Rear Window is one of the most interesting explorations of voyeurism, one that not only ingeniously succeeds in forcing the viewer into the mind of its protagonist, but that holds up a mirror to the audience and challenges the viewer to confront that aspect of themselves for the very act of watching the film itself and being so entertained by it. Hitch puts the camera in James Stewart's apartment as his character Jeffries recuperates from his broken leg, and relentlessly doesn't let it leave until the very end. It sounds like a pretty boring premise, but Jimmy Stewart, Grace Kelly and the delightful Thelma Ritter are such fun company that you don't mind... but Scotty has taken to idly watching what is going on in the titular rear windows of his apartment complex. And because you're with Jeffries, who has nothing else to do, you start to watch it as well. Hitch knows what he's doing, and there are a few moments in the film where the viewer simply has to acknowledge the pleasure in following these little stories and playing connnect the dots with them. This is exacerbated by the fact that, while there is no doubt textually that Thorwald did what he did, there is no direct evidence of this in the film until the very end.
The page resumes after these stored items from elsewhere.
Theorem lemma5p5 (l m : R) (hl : 0 < l) (hlm : l <= m) (hk : 0 < kappa l m) :
  exists (gX gY : R -> R) (k0 : R),
    0 < k0 /\
    (* (i) *)
    (gX 0 = 1 / 2 /\ gY 0 = 1 / 2 /\ gX 1 = l /\ gY 1 = m) /\
    (* (ii) *)
    (forall t : R, 0 <= t <= 1 -> k0 <= kappa (gX t) (gY t)) /\
    (* (iii) *)
    (exists (n : nat) (p : nat -> R), pl_path_slope_bound gX gY p n 20) /\
    (* (iv) *)
    (forall t : R, 0 <= t <= 1 ->
       3 / 2 - sqrt 2 <= gX t <= 10 /\ 3 / 2 - sqrt 2 <= gY t <= 10).
Proof.
  rewrite kappa_eq_simpl in hk by lra.
  destruct (ray_peak_corner l m hl hlm hk) as (x & hx & hpeak).
  assert (hr : 1 <= m / l) by (apply Rmult_le_reg_r with l; [| field_simplify]; lra).
  set (k0 := Rmin (kappa_simpl l m) (1 / 2)).
  assert (k0l : k0 <= kappa_simpl l m) by apply Rmin_l.
  assert (k0r : k0 <= 1 / 2) by apply Rmin_r.
  assert (hk0 : 0 < k0) by (apply Rmin_glb_lt; lra).
  assert (hm7 := kappa_simpl_pos_y_lt l m hl hlm hk).
  assert (hy7 := kappa_simpl_pos_y_lt x (m / l * x) ltac:(lra) ltac:(nra) ltac:(lra)).
  (* The first piece moves each coordinate by at most 7/4, the others by less
     than 7, whence the breakpoints 1/4 and 5/8. *)
  set (gX := polyline3 (1 / 4) (5 / 8) (1 / 2) x x l).
  set (gY := polyline3 (1 / 4) (5 / 8) (1 / 2) x (m / l * x) m).
  assert (on_path : forall t, 0 <= t <= 1 -> admissible k0 (gX t) (gY t)).
  { intros t ht.
    pose proof (kappa_simpl_diag_ge (1 / 2) ltac:(lra)).
    pose proof (kappa_simpl_diag_ge x hx).
    apply admissible_corner_path; [lra | split; [split; nra | lra] .. | exact ht]. }
  exists gX, gY, k0. split; [exact hk0 |].
  split; [unfold gX, gY; rewrite !polyline3_0, !polyline3_1 by lra; lra |].
  split; [intros t ht; destruct (on_path t ht); rewrite kappa_eq_simpl; lra |].
  split.
  - exists 3%nat, (polyline3_nodes (1 / 4) (5 / 8)).
    apply polyline3_slope_bound; [lra | ..];
      intros [|[|[|i]]] hi; try lia; cbn; apply Rabs_le; nra.
  - intros t ht. destruct (on_path t ht) as [hxy hkt].
    pose proof (kappa_simpl_pos_x_ge (gX t) (gY t) ltac:(lra) ltac:(lra) ltac:(lra)).
    pose proof (kappa_simpl_pos_y_lt (gX t) (gY t) ltac:(lra) ltac:(lra) ltac:(lra)).
    lra.
Qed.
As Lisa (Kelly) says, "Jeff, you know if someone came in here, they wouldn't believe what they'd see? You and me with long faces plunged into despair because we find out a man didn't kill his wife. We're two of the most frightening ghouls I've ever known." And damn if you're not right there with them at that moment.
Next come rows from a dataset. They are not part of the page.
Lemma ericksen_psi_even X : ericksen_psi (- X) = ericksen_psi X.
Proof.
have -> : - X = - 1%:M *m X by rewrite mulNmx mul1mx.
exact: through_C_g_invariant through_C_ericksen_psi g_orthogonalN1.
Qed.

Lemma dF_ericksen_psi_neq0 : dF ericksen_psi 1%:M != 0.
Proof.
have := diff_homogeneous (differentiable_ericksen_psi 1%:M) (ericksen_psiZ ^~ 1%:M).
rewrite diff_dF ?mul1mx; last exact: differentiable_ericksen_psi.
apply: contraPneq => ->; rewrite trmx0 mxtrace0 => /esym/eqP.
rewrite mulf_eq0 pnatr_eq0 /= /ericksen_psi /rCG trmx1 mul1mx mulmx1.
by rewrite gt_eqF // metric_diag_gt0.
Qed.

Lemma ericksen_not_objective :
  ~ objective g (fun F => invmx g *m (ericksen_phi F *: dF ericksen_psi F)).
Proof.
apply: (not_objective_even (F := 1%:M)) ericksen_psi_even _ ericksen_phiN1 dF_ericksen_psi_neq0.
exact: differentiable_ericksen_psi.
Qed.
End CauchyElastic.

Theorem mainTheorem2 (R : realType) (g : 'M[R]_3) (hg : is_metric g) :
  (* (i) *)
  (forall phi psi : 'I_3 -> 'M[R]_3 -> R,
     (forall i F, differentiable (psi i) F) ->
     (forall i, through_C g (phi i)) ->
     (forall i, through_C g (psi i)) ->
     balance_ang_mom (PK g phi psi)) /\
  (* (ii) an Ericksen solid: balanced but not objective *)
  (exists phi1 psi1 : 'M[R]_3 -> R,
     through_C g psi1 /\
     (forall F, differentiable psi1 F) /\
     (forall F, phi1 F != 0) /\
     (exists Q F, g_orthogonal g Q /\ phi1 (Q *m F) <> phi1 F) /\
     balance_ang_mom (fun F => invmx g *m (phi1 F *: dF psi1 F)) /\
     ~ objective g (fun F => invmx g *m (phi1 F *: dF psi1 F))).
Proof.
split=> [phi psi dpsi _ psiC|]; first exact: PK_balance.
exists (@ericksen_phi R), (ericksen_psi g).
split; first exact: through_C_ericksen_psi.
split; first exact: differentiable_ericksen_psi.
split; first exact: ericksen_phi_neq0.
split.
  exists (- 1%:M), 1%:M; split; first exact: g_orthogonalN1.
  by rewrite mulmx1; apply/eqP; exact: ericksen_phiN1.
split; first exact: scaled_dF_balance (differentiable_ericksen_psi g) (through_C_ericksen_psi g).
exact: ericksen_not_objective.
Qed.
Local Notation index := ({k : 'I_K & 'I_(rho k)} * bool)%type.

(* Together, the two coordinates of a rank-one term u v^T contribute its symmetric part
   ((u + v)(u + v)^T - (u - v)(u - v)^T) / 4 and its antisymmetric part (u v^T - v u^T) / 2. *)
Definition factor_al (i : 'I_N) (p : index) : R :=
  (U (tag p.1) i (tagged p.1) + (-1) ^+ (~~ p.2) * V (tag p.1) (tagged p.1) i) / 2.
Definition factor_be (i : 'I_N) (p : index) : R := U (tag p.1) i (tagged p.1).
Definition factor_CA (k : 'I_K) (p : index) : R := (-1) ^+ (~~ p.2) * (k == tag p.1)%:R.
Definition factor_CB (k : 'I_K) (p : index) : R := (~~ p.2)%:R * (k == tag p.1)%:R.

Lemma complex_score_factor k i j :
  complex_score factor_al factor_be factor_CA factor_CB k i j = (U k *m V k) i j.
Proof.
rewrite mxE -(sumr_delta k (fun k' => \sum_l U k' i l * V k' l j)).
under eq_bigr do rewrite mulr_sumr.
rewrite sig_big_dep /complex_score sum_pair; apply: eq_bigr => x _.
by rewrite big_bool /factor_al /factor_be /factor_CA /factor_CB /=; field.
Qed.

End FactoredSlices.

Lemma round_mxE (R : realType) m n (A : 'M[R]_(m, n)) i j :
  round_mx A i j = (1 / 2 <= A i j).
Proof. by rewrite mxE. Qed.

Lemma holE_consistent_rrank (R : realType) N K r (B : 'I_K -> 'M[bool]_N) :
  (4 * (\sum_(k < K) rrank R (B k)) + 1 <= r)%N -> holE_consistent R r B.
Proof.
move=> r_large.
have /boolp.choice[A A_min] k :
    exists A : 'M[R]_N, round_mx A = B k /\ \rank A = rrank R (B k).
  by rewrite /rrank; case: ex_minnP => d /asboolP.
pose U k := col_base (A k); pose V k := row_base (A k).
apply: (holE_consistent_of_complex_score (al := factor_al U V) (be := factor_be U)
          (CA := @factor_CA R K _) (CB := @factor_CB R K _)).
  rewrite card_prod card_bool card_tagged sumnE big_map big_enum /=.
  under eq_bigr do rewrite card_ord (A_min _).2.
  rewrite (eq_bigl xpredT) // in r_large *; lia.
move=> k i j i' j'; rewrite !complex_score_factor !mulmx_base -(A_min k).1 !round_mxE.
by rewrite -ltNge => half_le half_gt; exact: lt_le_trans half_gt half_le.
Qed.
The little semi-silent stories playing out are so often mischievously funny, but sometimes they're painful, and it is interesting important the film's pacing is. The geographical boundaries on the scope of the film works because it makes much of it feel languid, a brilliant effect because it focuses the audience's attentions to through the protagonist's experience, but managing to tell several mini-stories as well. This is a film that rewards with continued viewing because it is so detailed that there is more to see each time. It is perhaps the pinnacle of Hitchcock's experiments, such as Lifeboat (where all the action takes place on the titular craft - that's a really brutal picture, too) and Rope (where the only cuts in the film are at the reel changes, and the film unfolds in real time).
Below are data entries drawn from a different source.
(* Let $\mathcal{C}_2=\mathbb{C}\{e_1,e_2\}$ be the complex algebra with basis $1,e_1,e_2,e_{12}=e_1e_2$, where $e_1^2=e_2^2=-1$ and $e_1e_2=-e_2e_1$. Let $A\in\mathcal{C}_2^{m\times n}$ be written as $A=A_0+A_1e_1+A_2e_2+A_3e_{12}$ with $A_0,\dots,A_3\in\mathbb{C}^{m\times n}$. For a positive integer $t$ let $$K_{2t}=\frac12\begin{pmatrix}(1-ie_1)I_t & (e_2+ie_{12})I_t\\ (-e_2+ie_{12})I_t & (1+ie_1)I_t\end{pmatrix}.$$ Then $K_{2t}$ is invertible with $K_{2t}^{-1}=K_{2t}$, and $$K_{2m}\begin{pmatrix}A&0\\0&A\end{pmatrix}K_{2n}^{-1}=\begin{pmatrix}A_0+A_1i & -(A_2+A_3i)\\ A_2-A_3i & A_0-A_1i\end{pmatrix}.$$ In particular, if $m=n$ this is a similarity over $\mathcal{C}_2$.
   Context: $i$ is the imaginary unit of $\mathbb{C}$, commuting with all elements of $\mathcal{C}_2$; $I_t$ is the $t\times t$ identity matrix. *)

From HB Require Import structures.
From mathcomp Require Import all_boot all_order all_algebra.
From mathcomp Require Import ring.
From mathcomp Require Import reals.
From mathcomp Require Import complex.

Set Implicit Arguments.
Unset Strict Implicit.
Unset Printing Implicit Defensive.

Import Order.TTheory GRing.Theory Num.Theory.
Local Open Scope ring_scope.

(* The Clifford algebra  F{e1,e2}  over a commutative ring F:
   elements a0 + a1 e1 + a2 e2 + a3 e12 (e12 = e1 e2),
   with e1^2 = e2^2 = -1 and e1 e2 = - e2 e1. *)
Record cliff2 (F : Type) := Cliff2 { c0 : F; c1 : F; c2 : F; c3 : F }.

Section Cliff2Ring.
Variable F : comNzRingType.

Definition cl_enc (x : cliff2 F) : F * F * F * F := (c0 x, c1 x, c2 x, c3 x).
Definition cl_dec (p : F * F * F * F) : cliff2 F :=
  let: (a, b, c, d) := p in Cliff2 a b c d.
Lemma cl_encK : cancel cl_enc cl_dec. Proof. by case. Qed.

HB.instance Definition _ := Equality.copy (cliff2 F) (can_type cl_encK).
HB.instance Definition _ := Choice.copy (cliff2 F) (can_type cl_encK).

Definition cl_zero : cliff2 F := Cliff2 0 0 0 0.
Definition cl_one : cliff2 F := Cliff2 1 0 0 0.
Definition cl_opp (x : cliff2 F) := Cliff2 (- c0 x) (- c1 x) (- c2 x) (- c3 x).
Definition cl_add (x y : cliff2 F) :=
  Cliff2 (c0 x + c0 y) (c1 x + c1 y) (c2 x + c2 y) (c3 x + c3 y).
(* product from the rules e1^2 = e2^2 = e12^2 = -1, e1 e2 = e12 = - e2 e1,
   e1 e12 = - e2, e12 e1 = e2, e2 e12 = e1, e12 e2 = - e1 *)
Definition cl_mul (x y : cliff2 F) :=
  let: Cliff2 a0 a1 a2 a3 := x in let: Cliff2 b0 b1 b2 b3 := y in
  Cliff2 (a0 * b0 - a1 * b1 - a2 * b2 - a3 * b3)
         (a0 * b1 + a1 * b0 + a2 * b3 - a3 * b2)
         (a0 * b2 + a2 * b0 - a1 * b3 + a3 * b1)
         (a0 * b3 + a3 * b0 + a1 * b2 - a2 * b1).

Lemma cl_addA : associative cl_add.
Proof. by move=> [? ? ? ?] [? ? ? ?] [? ? ? ?]; rewrite /cl_add /cl_mul /cl_opp /=; congr Cliff2; ring. Qed.
Lemma cl_addC : commutative cl_add.
Proof. by move=> [? ? ? ?] [? ? ? ?]; rewrite /cl_add /cl_mul /cl_opp /=; congr Cliff2; ring. Qed.
Lemma cl_add0 : left_id cl_zero cl_add.
Proof. by move=> [? ? ? ?]; rewrite /cl_add /cl_mul /cl_opp /=; congr Cliff2; ring. Qed.
Lemma cl_addN : left_inverse cl_zero cl_opp cl_add.
Proof. by move=> [? ? ? ?]; rewrite /cl_add /cl_mul /cl_opp /=; congr Cliff2; ring. Qed.
Lemma cl_mulA : associative cl_mul.
Proof. by move=> [? ? ? ?] [? ? ? ?] [? ? ? ?]; rewrite /cl_add /cl_mul /cl_opp /=; congr Cliff2; ring. Qed.
Lemma cl_mul1 : left_id cl_one cl_mul.
Proof. by move=> [? ? ? ?]; rewrite /cl_add /cl_mul /cl_opp /=; congr Cliff2; ring. Qed.
Lemma cl_mulr1 : right_id cl_one cl_mul.
Proof. by move=> [? ? ? ?]; rewrite /cl_add /cl_mul /cl_opp /=; congr Cliff2; ring. Qed.
Lemma cl_mulDl : left_distributive cl_mul cl_add.
Proof. by move=> [? ? ? ?] [? ? ? ?] [? ? ? ?]; rewrite /cl_add /cl_mul /cl_opp /=; congr Cliff2; ring. Qed.
Lemma cl_mulDr : right_distributive cl_mul cl_add.
Proof. by move=> [? ? ? ?] [? ? ? ?] [? ? ? ?]; rewrite /cl_add /cl_mul /cl_opp /=; congr Cliff2; ring. Qed.
Lemma cl_one_neq0 : cl_one != cl_zero.
Proof. by apply/eqP => -[] /eqP; rewrite oner_eq0. Qed.

HB.instance Definition _ := GRing.isNzRing.Build (cliff2 F)
  cl_addA cl_addC cl_add0 cl_addN cl_mulA cl_mul1 cl_mulr1 cl_mulDl cl_mulDr
  cl_one_neq0.

Definition cl_sc (a : F) : cliff2 F := Cliff2 a 0 0 0.
Definition e1 : cliff2 F := Cliff2 0 1 0 0.
Definition e2 : cliff2 F := Cliff2 0 0 1 0.
Definition e12 : cliff2 F := e1 * e2.

End Cliff2Ring.

Arguments e1 {F}.
Arguments e2 {F}.
Arguments e12 {F}.

Notation C2 R := (cliff2 (R : realType)[i]).

Definition cmp0 (R : realType) m n (A : 'M[C2 R]_(m, n)) := map_mx (@c0 _) A.
Definition cmp1 (R : realType) m n (A : 'M[C2 R]_(m, n)) := map_mx (@c1 _) A.
Definition cmp2 (R : realType) m n (A : 'M[C2 R]_(m, n)) := map_mx (@c2 _) A.
Definition cmp3 (R : realType) m n (A : 'M[C2 R]_(m, n)) := map_mx (@c3 _) A.

Definition to_C2 (R : realType) m n (M : 'M[R[i]]_(m, n)) : 'M[C2 R]_(m, n) :=
  map_mx (@cl_sc _) M.

Definition Kmx (R : realType) (t : nat) : 'M[C2 R]_(t + t) :=
  let ii : C2 R := cl_sc 'i%C in
  let h : C2 R := cl_sc (2%:R^-1) in
  block_mx ((h * (1 - ii * e1))%:M) ((h * (e2 + ii * e12))%:M)
           ((h * (- e2 + ii * e12))%:M) ((h * (1 + ii * e1))%:M).

From HB Require Import structures.
From mathcomp Require Import all_boot all_order all_algebra.
From mathcomp Require Import reals complex ring.
Import GRing.Theory Num.Theory.
Local Open Scope ring_scope.

(* Every block of K_{2t} is a scalar matrix k_rs I_t with k_rs in C{e1,e2}, so
   K_{2t} acts entrywise through the 2x2 matrix k = (k_rs), and both claims
   reduce to identities in C{e1,e2}: k^2 = 1, and the sandwiches
   k_r1 a k_1s + k_r2 a k_2s pick out a0 + i a1, -(a2 + i a3), a2 - i a3 and
   a0 - i a1 from a = a0 + a1 e1 + a2 e2 + a3 e12.  In coordinates these are
   polynomial identities that only use i^2 = -1 and the invertibility of 2. *)

Section ScalarBlockMatrices.
Variable T : pzRingType.

Lemma mul_scalar_mx_mx_scalar m n (x y : T) (A : 'M[T]_(m, n)) :
  x%:M *m A *m y%:M = map_mx (fun a => x * a * y) A.
Proof.
apply/matrixP => i j; rewrite mul_scalar_mx !mxE (bigD1 j) //= big1 => [|k /negbTE nkj].
  by rewrite !mxE eqxx mulr1n addr0.
by rewrite !mxE nkj mulr0n mulr0.
Qed.

Lemma mul_scalar_block_mx t (a b c d a' b' c' d' : T) :
  block_mx a%:M b%:M c%:M d%:M *m block_mx a'%:M b'%:M c'%:M d'%:M =
  block_mx (a * a' + b * c')%:M (a * b' + b * d')%:M
           (c * a' + d * c')%:M (c * b' + d * d')%:M :> 'M_(t + t).
Proof. by rewrite mulmx_block !raddfD -!scalar_mxM. Qed.

Lemma scalar_block_mx_conj_diag m n (a b c d a' b' c' d' : T) (A : 'M[T]_(m, n)) :
  block_mx a%:M b%:M c%:M d%:M *m block_mx A 0 0 A *m block_mx a'%:M b'%:M c'%:M d'%:M =
  block_mx (map_mx (fun x => a * x * a' + b * x * c') A)
           (map_mx (fun x => a * x * b' + b * x * d') A)
           (map_mx (fun x => c * x * a' + d * x * c') A)
           (map_mx (fun x => c * x * b' + d * x * d') A).
Proof.
rewrite !mulmx_block ?mulmx0 ?mul0mx ?addr0 ?add0r !mul_scalar_mx_mx_scalar.
by congr block_mx; apply/matrixP => i j; rewrite !mxE.
Qed.

End ScalarBlockMatrices.

Section CliffordK.
Context {F : fieldType} (i : F).
Hypotheses (sqr_i : i ^+ 2 = -1) (two_neq0 : 2 != 0 :> F).

Let half : F := 2^-1.

Definition k11 : cliff2 F := cl_sc half * (1 - cl_sc i * e1).
Definition k12 : cliff2 F := cl_sc half * (e2 + cl_sc i * e12).
Definition k21 : cliff2 F := cl_sc half * (- e2 + cl_sc i * e12).
Definition k22 : cliff2 F := cl_sc half * (1 + cl_sc i * e1).

Ltac cliff2_ring := rewrite /e12 /e1 /e2 /cl_sc; cbn; congr Cliff2; ring.

Lemma k11E : k11 = Cliff2 half (- (half * i)) 0 0. Proof. by cliff2_ring. Qed.
Lemma k12E : k12 = Cliff2 0 0 half (half * i). Proof. by cliff2_ring. Qed.
Lemma k21E : k21 = Cliff2 0 0 (- half) (half * i). Proof. by cliff2_ring. Qed.
Lemma k22E : k22 = Cliff2 half (half * i) 0 0. Proof. by cliff2_ring. Qed.

Ltac cliff2_field :=
  rewrite ?k11E ?k12E ?k21E ?k22E /half /cl_sc; cbn;
  congr Cliff2; cbn; field: sqr_i; exact: two_neq0.

Lemma k_involutive :
  [/\ k11 * k11 + k12 * k21 = 1, k11 * k12 + k12 * k22 = 0,
      k21 * k11 + k22 * k21 = 0 & k21 * k12 + k22 * k22 = 1].
Proof. by split; cliff2_field. Qed.

Lemma k_conj (a : cliff2 F) :
  [/\ k11 * a * k11 + k12 * a * k21 = cl_sc (c0 a + i * c1 a),
      k11 * a * k12 + k12 * a * k22 = - cl_sc (c2 a + i * c3 a),
      k21 * a * k11 + k22 * a * k21 = cl_sc (c2 a - i * c3 a) &
      k21 * a * k12 + k22 * a * k22 = cl_sc (c0 a - i * c1 a)].
Proof. by case: a => a0 a1 a2 a3; split; cliff2_field. Qed.

End CliffordK.

Theorem theorem10 (R : realType) (m n : nat) (A : 'M[C2 R]_(m, n)) :
  (0 < m)%N -> (0 < n)%N ->
  (forall t : nat, (0 < t)%N -> Kmx R t *m Kmx R t = 1%:M) /\
  Kmx R m *m block_mx A 0 0 A *m Kmx R n =
  block_mx (to_C2 (cmp0 A + 'i%C *: cmp1 A))
           (- to_C2 (cmp2 A + 'i%C *: cmp3 A))
           (to_C2 (cmp2 A - 'i%C *: cmp3 A))
           (to_C2 (cmp0 A - 'i%C *: cmp1 A)).
Proof.
move=> _ _.
have two_neq0 : 2 != 0 :> R[i] by rewrite pnatr_eq0.
have KE t : Kmx R t = block_mx (k11 'i)%:M (k12 'i)%:M (k21 'i)%:M (k22 'i)%:M by [].
split=> [t _|].
  rewrite KE mul_scalar_block_mx.
  have [-> -> -> ->] := k_involutive 'i%C (sqr_i R) two_neq0.
  by rewrite raddf0 -scalar_mx_block.
rewrite !KE scalar_block_mx_conj_diag.
by congr block_mx; apply/matrixP => r s; rewrite !mxE;
  have [? ? ? ?] := k_conj 'i%C (sqr_i R) two_neq0 (A r s).
Qed.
I've had the opportunity to see this film projected a few times, and let me say that it is probably one of the strongest arguments for seeing a movie on film. Every single apartment in the building is a different world, and while this is seen on the television screen, on film it is experienced. The film is also a glorious demonstration of how to use star power to tell a story, and... I guess the best analogy I can make here is that star power is kind of like vinyl. Vinyl all about amplification, so the louder you make it, the better it sounds. Star power is something that is best experienced on the big screen. We don't see much of it these days... cinema has changed, as has pop culture, and there is a quality about it that alters the way that stars play and are percieved. I'm not saying that is a bad thing. An art form evolves with its culture. However, I feel that there is something lost along the way. Hitch created his films to be seen on a large screen (except for Psycho, which he wasn't sure whether he would release theatrically or air as part of Alfred Hitchcock Presents) and the way that he presents things benefit from the larger size; this was a main topic of conversation between Raz and myself on the way home from seeing North by Northwest at the midnight showing at the Paris a couple of months ago, and the star power is part of that. There's just something about the way that Hitch used the innate charisma of Cary Grant and Eva Marie Saint, perfectly integrating their screen presences with the presentation of the story that gives the movie a sheen that isn't really translated well onto video, especially the sequence on the train, which looks fairly bouncy on the television screen but sizzles on a movie screen.

Trust me.

You just watch Grace Kelly's entrance in Rear Window being projected, filling a movie screen and tell me that there is anything quite like it.